Work task —
Please find how many lines of the data contain the string "mathcomp", and respond with that number only.

Collected data —
+---+

(* Let $\mathbb F$ be an algebraically closed field and let $A=\sigma(\mathbb F)\langle x_1,\dots,x_n\rangle$ be a quasi-commutative bijective skew PBW extension of $\mathbb F$. Assume that the center $Z(A)$ is a polynomial ring in $n$ variables over $\mathbb F$, i.e. $Z(A)=\mathbb F[y_1,\dots,y_n]$ for some algebraically independent elements $y_1,\dots,y_n\in Z(A)$. Let $I$ be a two-sided ideal of $A$ and put $J:=I\cap Z(A)$ (the preimage of $I$ under the inclusion $Z(A)\hookrightarrow A$). Then $$\big\langle I_{Z(A)}(V_{Z(A)}(J))\big\rangle\subseteq\sqrt{I}\subseteq I(V(I)),$$ where $\langle\,\cdot\,\rangle$ denotes the two-sided ideal of $A$ generated by a subset.
   Context: Skew PBW extension: a ring $A$ is a skew PBW extension of a ring $R$, written $A=\sigma(R)\langle x_1,\dots,x_n\rangle$, if (1) $R\subseteq A$ is a subring; (2) there are $x_1,\dots,x_n\in A$ such that $A$ is a free left $R$-module with basis $\mathrm{Mon}(A)=\{x_1^{\alpha_1}\cdots x_n^{\alpha_n}:\alpha\in\mathbb N^n\}$; (3) for every $i$ and every $r\in R\setminus\{0\}$ there is $c_{i,r}\in R\setminus\{0\}$ with $x_ir-c_{i,r}x_i\in R$; (4) for every $i,j$ there is $c_{i,j}\in R\setminus\{0\}$ with $x_jx_i-c_{i,j}x_ix_j\in R+Rx_1+\cdots+Rx_n$. For each $i$ there are then an injective ring endomorphism $\sigma_i$ of $R$ and a $\sigma_i$-derivation $\delta_i$ with $x_ir=\sigma_i(r)x_i+\delta_i(r)$. $A$ is bijective if every $\sigma_i$ is bijective and every $c_{i,j}$ is invertible. $A$ is quasi-commutative if (3),(4) are replaced by: $x_ir=c_{i,r}x_i$ for some $c_{i,r}\in R\setminus\{0\}$, and $x_jx_i=c_{i,j}x_ix_j$ for some $c_{i,j}\in R\setminus\{0\}$. Roots, vanishing sets, ideals of points in $A$: for $Z=(z_1,\dots,z_n)\in\mathbb F^n$, $\langle Z\rangle$ is the two-sided ideal of $A$ generated by $x_1-z_1,\dots,x_n-z_n$; $f\in A$ has root $Z$ iff $f\in\langle Z\rangle$. $V(I)=\{Z\in\mathbb F^n: f\in\langle Z\rangle\ \forall f\in I\}$ and, for $X\subseteq\mathbb F^n$, $I(X)=\{g\in A: g\in\langle Z\rangle\ \forall Z\in X\}$. In the commutative polynomial ring $Z(A)=\mathbb F[y_1,\dots,y_n]$: $V_{Z(A)}(J)=\{a\in\mathbb F^n: g(a)=0\ \forall g\in J\}$ (classical evaluation, equivalently $g$ lies in the ideal generated by $y_1-a_1,\dots,y_n-a_n$), and for $X\subseteq\mathbb F^n$, $I_{Z(A)}(X)=\{g\in Z(A): g(a)=0\ \forall a\in X\}$. Radical: a proper two-sided ideal $P$ of a ring $S$ is prime if for all left ideals $L,K$ of $S$, $LK\subseteq P$ implies $L\subseteq P$ or $K\subseteq P$. For a two-sided ideal $I$ of $A$, $\sqrt{I}$ is the intersection of all prime ideals of $A$ containing $I$ (with $\sqrt{A}=A$). *)

From HB Require Import structures.
From mathcomp Require Import all_boot all_order all_algebra.
From mathcomp Require Import mpoly.
Set Implicit Arguments. Unset Strict Implicit. Unset Printing Implicit Defensive.
Import GRing.Theory.
Local Open Scope ring_scope.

+---+

Problem solution —
2